De acuerdo con el parlamentario la decisión se ha tomado en conjunto con los asesores científicos, que han aconsejado aplanar los casos de COVID-19 que han aparecido nuevamente en este país antes que permitir a los ingleses que se expongan, sobre todo tomando cuenta que en Inglaterra se concentran 56 de 66 millones de habitantes.

Casinos, pistas de patinaje y centros de belleza son algunos de los locales que continúan cerrados este sábado. Las bodas de hasta 30 invitados que habrían tenido que permitirse se han cancelado, al igual que la recepción de audiencia en los eventos deportivos.

Sin embargo, dos millones de personas vulnerables en cuanto a su expediente sanitario ya no están obligadas a aislarse en casa. En Irlanda del Norte y Escocia aquellos de “alto riesgo” pueden volver a sus puestos de trabajo.
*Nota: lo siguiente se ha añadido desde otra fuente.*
(* Assume the setting in the context (in particular Assumption (A)). Let $\rho>0$, $r\in V_f(\rho)$ and $n\in\mathbb{R}$, and let $[z,m]=\mathcal{A}_d(r,n)$ be the output of Procedure $\mathcal{A}_d$. Then: (i) $f(z)\leq f(r)-\frac{1}{2L_f}\|g(r)\|_*^2$; (ii) $f(z)-f^*\leq\left(\frac{\bar n_\rho}{m+1}\right)^2(f(r)-f^* )$; (iii) if $n\in(0,\lceil 4\bar n_\rho\rceil]$, then $m\in[n,\lceil 4\bar n_\rho\rceil]$.
   Context: Let $f:\mathbb{R}^n\to(-\infty,\infty]$ be a proper closed convex function such that the problem $f^*=\min_{x\in\mathbb{R}^n}f(x)$ is solvable. Let $\Omega_f=\{x: f(x)=f^*\}$, fix a norm $\|\cdot\|$ on $\mathbb{R}^n$ with dual norm $\|y\|_*=\sup\{y^Tz:\|z\|\leq 1\}$, and for $x\in\mathbb{R}^n$ let $\bar x=\arg\min_{z\in\Omega_f}\|x-z\|$. For $\rho\geq0$ let $V_f(\rho)=\{x: f(x)-f^*\leq\rho\}$. Let $\mathcal{A}$ be an iterative algorithm: for $x_0\in\mathrm{dom} f$ and integer $k\geq1$, $\mathcal{A}(x_0,k)$ denotes its $k$-th iterate started from $x_0$ (and $\mathcal{A}(x_0,0)=x_0$). Assumption (A): (i) for every $\rho>0$ there is $\mu_\rho>0$ with $f(x_0)-f^*\geq\frac{\mu_\rho}{2}\|x_0-\bar x_0\|^2$ for all $x_0\in V_f(\rho)$; (ii) there exist $a_f>0$, $L_f>0$ and $g:\mathbb{R}^n\to\mathbb{R}^n$ with $g(x)=0\iff x\in\Omega_f$ such that for every $x_0\in\mathrm{dom} f$: $f(\mathcal{A}(x_0,1))\leq f(x_0)-\frac{1}{2L_f}\|g(x_0)\|_*^2$ and $f(\mathcal{A}(x_0,k))-f^*\leq\frac{a_f}{(k+1)^2}\|x_0-\bar x_0\|^2$ for all $k\geq1$; (iii) $\bar n_\rho:=\max\{\frac12,\sqrt{2a_f/\mu_\rho}\}$. Procedure $\mathcal{A}_d(r,n)$ (input $r\in\mathrm{dom} f$, $n\in\mathbb{R}$): set $x_0=r$, $k=0$. Repeat: $k\gets k+1$; set $x_k=\mathcal{A}(x_0,k)$ if $f(\mathcal{A}(x_0,k))\leq f(x_{k-1})$, and $x_k=x_{k-1}$ otherwise; set $\ell=\lfloor k/2\rfloor$; until $k\geq n$ and $f(x_\ell)-f(x_k)\leq\frac13(f(x_0)-f(x_\ell))$. Output $z=x_k$, $m=k$. *)

From HB Require Import structures.
From mathcomp Require Import all_boot all_order all_algebra.
From mathcomp Require Import all_classical all_reals all_analysis.
Set Implicit Arguments. Unset Strict Implicit. Unset Printing Implicit Defensive.
Import Order.TTheory GRing.Theory Num.Theory.
Import numFieldNormedType.Exports.
Local Open Scope classical_set_scope.
Local Open Scope ring_scope.

Section Defs.
Variables (R : realType) (d : nat).
Local Notation vec := 'rV[R]_d.

Definition dotv (y z : vec) : R := \sum_(i < d) y 0 i * z 0 i.

Definition is_norm (nrm : vec -> R) : Prop :=
  [/\ forall x, nrm x = 0 -> x = 0,
      forall (a : R) x, nrm (a *: x) = `|a| * nrm x &
      forall x y, nrm (x + y) <= nrm x + nrm y].

Definition dual_norm (nrm : vec -> R) (y : vec) : R :=
  sup [set dotv y z | z in [set z | nrm z <= 1]].

Definition proper_fun (f : vec -> \bar R) : Prop :=
  (forall x, f x != -oo)%E /\ exists x, (f x < +oo)%E.

Definition closed_fun (f : vec -> \bar R) : Prop :=
  forall (x : vec) (t : R), (t%:E < f x)%E -> \forall y \near x, (t%:E < f y)%E.

Definition convex_fun (f : vec -> \bar R) : Prop :=
  forall (x y : vec) (t : R), 0 <= t <= 1 ->
    (f (t *: x + (1 - t) *: y)%R <= t%:E * f x + (1 - t)%:E * f y)%E.

Definition domf (f : vec -> \bar R) : set vec := [set x | (f x < +oo)%E].

Definition Omega (f : vec -> \bar R) (fstar : R) : set vec :=
  [set x | f x = fstar%:E].

Definition distOmega (nrm : vec -> R) (f : vec -> \bar R) (fstar : R) (x : vec) : R :=
  inf [set nrm (x - z) | z in Omega f fstar].

Definition Vf (f : vec -> \bar R) (fstar rho : R) : set vec :=
  [set x | (f x - fstar%:E <= rho%:E)%E].

Fixpoint ad_iter (A : vec -> nat -> vec) (f : vec -> \bar R) (r : vec) (k : nat)
  : vec :=
  match k with
  | 0 => r
  | k'.+1 => if (f (A r k'.+1) <= f (ad_iter A f r k'))%E then A r k'.+1
             else ad_iter A f r k'
  end.

Definition ad_stop (A : vec -> nat -> vec) (f : vec -> \bar R) (r : vec) (n : R)
  (k : nat) : Prop :=
  n <= k%:R /\
  (f (ad_iter A f r k./2) - f (ad_iter A f r k)
     <= (3^-1)%:E * (f (ad_iter A f r 0) - f (ad_iter A f r k./2)))%E.

Definition ad_output (A : vec -> nat -> vec) (f : vec -> \bar R) (r : vec) (n : R)
  (m : nat) : Prop :=
  (1 <= m)%N /\ ad_stop A f r n m /\
  forall k, (1 <= k)%N -> (k < m)%N -> ~ ad_stop A f r n k.

Definition nbar (af mu : R) : R := Num.max (2^-1) (Num.sqrt (2 * af / mu)).

End Defs.

From HB Require Import structures.
From mathcomp Require Import all_boot all_order all_algebra.
From mathcomp Require Import all_classical all_reals all_analysis.
From mathcomp Require Import ring lra zify.
Set Implicit Arguments. Unset Strict Implicit. Unset Printing Implicit Defensive.
Import Order.TTheory GRing.Theory Num.Theory.
Import numFieldNormedType.Exports.
Local Open Scope classical_set_scope.
Local Open Scope ring_scope.

(* The iterates x_k of A_d never increase f and satisfy f(x_k) <= f(A(r,k)), so
   (A)(i)-(ii) give f(x_k) - fstar <= (nbar/(k+1))^2 (f(r) - fstar).  Once
   k >= 4 nbar, the half-way iterate x_{k/2} has already closed three quarters of
   the gap f(r) - fstar, which is exactly what the stopping test of A_d asks for;
   hence A_d stops, and no later than at the first such k. *)

Lemma gap_le_third_of_descent (R : realFieldType) (s a b c : \bar R) :
  s \is a fin_num -> c \is a fin_num -> (s <= a)%E -> (a <= b)%E -> (b <= c)%E ->
  (b - s <= (4^-1)%:E * (c - s))%E -> (b - a <= (3^-1)%:E * (c - b))%E.
Proof.
case: s c => [s||] [c||] //= _ _; case: a => [a||] //; case: b => [b||] //.
by rewrite !lee_fin; lra.
Qed.

Lemma rate_of_quadratic_growth (R : realFieldType) (af mu nb D G k : R) :
  0 < mu -> 0 <= af -> 2 * af / mu <= nb ^+ 2 -> mu / 2 * D ^+ 2 <= G ->
  af / k ^+ 2 * D ^+ 2 <= (nb / k) ^+ 2 * G.
Proof.
move=> mu_gt0 af_ge0 af_le growth.
rewrite expr_div_n mulrAC [X in _ <= X]mulrAC ler_wpM2r ?invr_ge0 ?sqr_ge0 //.
have -> : af * D ^+ 2 = 2 * af / mu * (mu / 2 * D ^+ 2).
  by field; rewrite gt_eqF.
apply: ler_pM => //; first by rewrite !(divr_ge0, mulr_ge0) // ltW.
by rewrite mulr_ge0 ?sqr_ge0 // divr_ge0 // ltW.
Qed.

Lemma nbar_ge_half (R : realType) (af mu : R) : 2^-1 <= nbar af mu.
Proof. by rewrite /nbar le_max lexx. Qed.

Lemma sqr_nbar_ge (R : realType) (af mu : R) :
  0 <= 2 * af / mu -> 2 * af / mu <= nbar af mu ^+ 2.
Proof.
move=> h; rewrite -[X in X <= _](sqr_sqrtr h) ler_sqr ?nnegrE ?sqrtr_ge0 //.
  by rewrite /nbar le_max lexx orbT.
by rewrite (le_trans _ (nbar_ge_half af mu)).
Qed.

Lemma sqr_rate_at_half_le (R : realFieldType) (nb : R) (k : nat) :
  0 <= nb -> 4 * nb <= k%:R -> (nb / (k./2).+1%:R) ^+ 2 <= 4^-1.
Proof.
move=> nb_ge0 k_ge.
have k_le : k%:R <= 2 * (k./2).+1%:R :> R by rewrite -natrM ler_nat; lia.
have l_gt0 : 0 < (k./2).+1%:R :> R by rewrite ltr0n.
have q_le : nb / (k./2).+1%:R <= 2^-1 by rewrite ler_pdivrMr //; lra.
have -> : 4^-1 = 2^-1 ^+ 2 :> R by rewrite expr2 -invfM -natrM.
by rewrite ler_sqr ?nnegrE ?divr_ge0 //; lra.
Qed.

Lemma ceil_nat (R : archiRealDomainType) (y : R) :
  0 <= y -> exists2 K : nat, (Num.ceil y)%:~R = K%:R :> R & y <= K%:R.
Proof.
move=> y_ge0; have c_ge0 : 0 <= Num.ceil y by rewrite ceil_ge0; lra.
exists `|Num.ceil y|%N; first by rewrite natr_absz ger0_norm.
by rewrite natr_absz ger0_norm // ceil_ge.
Qed.

Lemma Vf_fin_num (R : realType) (d : nat) (f : 'rV[R]_d -> \bar R) (fstar rho : R)
    (y : 'rV[R]_d) :
  (fstar%:E <= f y)%E -> Vf f fstar rho y -> f y \is a fin_num.
Proof. by rewrite /Vf /=; case: (f y). Qed.

Section ProcedureAd.
Variables (R : realType) (d : nat).
Variables (A : 'rV[R]_d -> nat -> 'rV[R]_d) (f : 'rV[R]_d -> \bar R) (r : 'rV[R]_d).
Local Notation x := (ad_iter A f r).

Lemma ad_iter_nonincreasing :
  {homo (fun k => f (x k)) : i j / (i <= j)%N >-> (j <= i)%E}.
Proof. by apply/nonincreasing_seqP => k /=; case: ifP. Qed.

Lemma ad_iter_le_start k : (f (x k) <= f r)%E.
Proof. exact: (ad_iter_nonincreasing (leq0n k)). Qed.

Lemma ad_iter_le_A k : (0 < k)%N -> (f (x k) <= f (A r k))%E.
Proof. by case: k => // k _ /=; case: ifP => // /negbT; rewrite -ltNge => /ltW. Qed.

Lemma ad_output_min n m k :
  ad_output A f r n m -> (0 < k)%N -> ad_stop A f r n k -> (m <= k)%N.
Proof.
move=> [_ [_ first]] k_gt0 stop_k; rewrite leqNgt; apply/negP => km.
exact: first k k_gt0 km stop_k.
Qed.

Lemma ad_output_exists n k :
  (0 < k)%N -> ad_stop A f r n k -> exists m, ad_output A f r n m.
Proof.
move=> k_gt0 stop_k; pose P j := `[< (0 < j)%N /\ ad_stop A f r n j >].
have exP : exists j, P j by exists k; apply/asboolP.
case: (ex_minnP exP) => m /asboolP [m_gt0 stop_m] m_min.
exists m; split=> //; split=> // j j_gt0 jm stop_j.
by have := m_min j (asboolT (conj j_gt0 stop_j)); rewrite leqNgt jm.
Qed.

Variable fstar : R.
Hypothesis f_ge : forall y, (fstar%:E <= f y)%E.
Hypothesis fr_fin : f r \is a fin_num.

Lemma ad_iter_rate (af mu D : R) :
  0 < mu -> 0 <= af -> ((mu / 2 * D ^+ 2)%:E <= f r - fstar%:E)%E ->
  (forall k, (0 < k)%N ->
     (f (A r k) - fstar%:E <= (af / (k.+1%:R ^+ 2) * D ^+ 2)%:E)%E) ->
  forall k, (0 < k)%N ->
    (f (x k) - fstar%:E <= ((nbar af mu / k.+1%:R) ^+ 2)%:E * (f r - fstar%:E))%E.
Proof.
move=> mu_gt0 af_ge0 growth accel k k_gt0.
apply: le_trans (leeB (ad_iter_le_A k_gt0) (lexx _)) _.
apply: (le_trans (accel k k_gt0)).
move: growth; rewrite -(fineK fr_fin) -EFinB -EFinM !lee_fin.
apply: rate_of_quadratic_growth => //.
by apply: sqr_nbar_ge; rewrite !(divr_ge0, mulr_ge0) // ltW.
Qed.

Lemma ad_stop_of_rate (c : nat -> R) n k :
  (forall l, (0 < l)%N -> (f (x l) - fstar%:E <= (c l)%:E * (f r - fstar%:E))%E) ->
  n <= k%:R -> (0 < k./2)%N -> c k./2 <= 4^-1 -> ad_stop A f r n k.
Proof.
move=> rate n_le half_gt0 c_le; split => //=.
apply: (gap_le_third_of_descent _ fr_fin (f_ge _)) => //.
- by apply: ad_iter_nonincreasing; lia.
- exact: ad_iter_le_start.
apply: (le_trans (rate _ half_gt0)); apply: lee_wpmul2r; last by rewrite lee_fin.
by rewrite subre_ge0.
Qed.

End ProcedureAd.

Theorem mainTheorem2 (R : realType) (d : nat)
  (f : 'rV[R]_d -> \bar R) (fstar : R) (nrm : 'rV[R]_d -> R)
  (A : 'rV[R]_d -> nat -> 'rV[R]_d)
  (mu : R -> R) (af Lf : R) (g : 'rV[R]_d -> 'rV[R]_d)
  (* f proper closed convex, problem solvable with optimal value fstar *)
  (Hprop : proper_fun f) (Hclosed : closed_fun f) (Hconv : convex_fun f)
  (Hsolv : exists xs, f xs = fstar%:E)
  (Hmin : forall x, (fstar%:E <= f x)%E)
  (Hnorm : is_norm nrm)
  (HA0 : forall x0, A x0 0%N = x0)
  (* Assumption (A)(i) *)
  (HAi : forall rho : R, 0 < rho -> 0 < mu rho /\
     forall x0, Vf f fstar rho x0 ->
       ((mu rho / 2 * distOmega nrm f fstar x0 ^+ 2)%:E <= f x0 - fstar%:E)%E)
  (* Assumption (A)(ii) *)
  (Haf : 0 < af) (HLf : 0 < Lf)
  (Hg : forall x, g x = 0 <-> Omega f fstar x)
  (HAii1 : forall x0, domf f x0 ->
     (f (A x0 1%N) <= f x0 - ((2 * Lf)^-1 * dual_norm nrm (g x0) ^+ 2)%:E)%E)
  (HAii2 : forall x0, domf f x0 -> forall k : nat, (1 <= k)%N ->
     (f (A x0 k) - fstar%:E
        <= (af / (k.+1%:R ^+ 2) * distOmega nrm f fstar x0 ^+ 2)%:E)%E)
  (rho : R) (Hrho : 0 < rho) (r : 'rV[R]_d) (Hr : Vf f fstar rho r) (n : R) :
  (* the procedure A_d(r, n) terminates *)
  (exists m, ad_output A f r n m) /\
  (* and its output [z, m] = [x_m, m] satisfies (i)-(iii) *)
  forall m, ad_output A f r n m ->
    let z := ad_iter A f r m in
    let nb := nbar af (mu rho) in
    [/\ (f z <= f r - ((2 * Lf)^-1 * dual_norm nrm (g r) ^+ 2)%:E)%E,
        (f z - fstar%:E <= ((nb / m.+1%:R) ^+ 2)%:E * (f r - fstar%:E))%E &
        (0 < n -> n <= ((Num.ceil (4 * nb))%:~R : R) ->
           n <= m%:R /\ m%:R <= ((Num.ceil (4 * nb))%:~R : R))].
Proof.
have [mu_gt0 growth] := HAi rho Hrho.
have fr_fin : f r \is a fin_num := Vf_fin_num (Hmin r) Hr.
have r_dom : domf f r by rewrite /domf /= ltey; case/fin_numP: fr_fin.
have rate := ad_iter_rate (f := f) (r := r) fr_fin mu_gt0 (ltW Haf)
  (growth r Hr) (HAii2 r r_dom).
set nb := nbar af (mu rho); have nb_ge : 2^-1 <= nb := nbar_ge_half _ _.
have stop k : 4 * nb <= k%:R -> n <= k%:R -> ad_stop A f r n k.
  move=> k_ge n_le; apply: (ad_stop_of_rate Hmin fr_fin rate n_le).
    by rewrite half_gt0 -(ltr_nat R); lra.
  by apply: sqr_rate_at_half_le k_ge; lra.
split.
  have n_le := ler_norm n; have n_norm_ge0 := normr_ge0 n.
  have /ceil_nat[K _ K_ge] : 0 <= 4 * nb + `|n| by lra.
  apply: (ad_output_exists (k := K)); last by apply: stop; lra.
  by rewrite -(ltr_nat R); lra.
move=> m out z nb'; rewrite {}/z {}/nb'; split.
- apply: le_trans (ad_iter_nonincreasing A f r out.1) _.
  exact: le_trans (ad_iter_le_A A f r (ltn0Sn 0)) (HAii1 r r_dom).
- exact: rate m out.1.
- have /ceil_nat[K -> K_ge] : 0 <= 4 * nb by lra.
  move=> n_gt0 n_le.
  split; first exact: out.2.1.1.
  rewrite ler_nat (ad_output_min out) //; last exact: stop K_ge n_le.
  by rewrite -(ltr_nat R); lra.
Qed.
Esta medida ha sido considerada “impopular”, ya que los ingleses no se esperaban que cerrarían los bares y se impedirían otras actividades propensas a la propagación del virus. Sin embargo, el conservador Johnson espera que siguiendo estas medidas se pueda abrir el curso escolar el próximo mes.

Regreso a clases

Graham Medley, del Grupo Asesor Científico para Emergencias del Gobierno británico (SAGE) ha aclarado que la reapertura de las escuelas es “clave” para los intereses del gobierno. Por tanto se ha referido a un “un intercambio” en el orden de prioridades del desconfinamiento.

“Estamos en una situación en la que la mayoría piensa que la apertura de las escuelas es una prioridad para la salud”, ha dicho Medley para la BBC.

Para garantizar la seguridad de los escolares en el regreso a clases el investigador ha considerado necesario “cerrar algunas otras redes de conexión” de manera que pueda minimizarse la estadía del virus en Inglaterra.

Por eso a cuatro millones de ingleses al norte se le ha agregado como restricción que no podrán visitar a otras personas en sus casas, considerando un rebrote en Manchester, East Lancashire y West Yorkshire.

Aunque no se permite la interacción con otras personas fuera del grupo familiar, las personas que habiten juntas podrán visitar restaurantes o “pub” siempre y cuando no se mezclen con otros grupos.

La insistencia en esta medida se deba a que la mayor cantidad de contagios se produce “entre hogares que se visitan entre sí y gente que visita a parientes y amigos” según ha declarado el ministro de sanidad conservador, Matt Hancock.

Por otro lado, ya el gobierno ha abandonado el plan de retomar la normalidad económica para noviembre, como lo había anunciado Boris Johnson hacía dos semanas. Por lo cual no se espera que esta próxima sea una Navidad como se había visto antes en el Reino Unido.

En el balance del pasado viernes las muertes por la COVID-19 en todo el Reino Unido se había elevado en 120 al llegar a 46.119. Ese día se cuantificaron 880 nuevos contagios, que ha sido el número más alto del mes.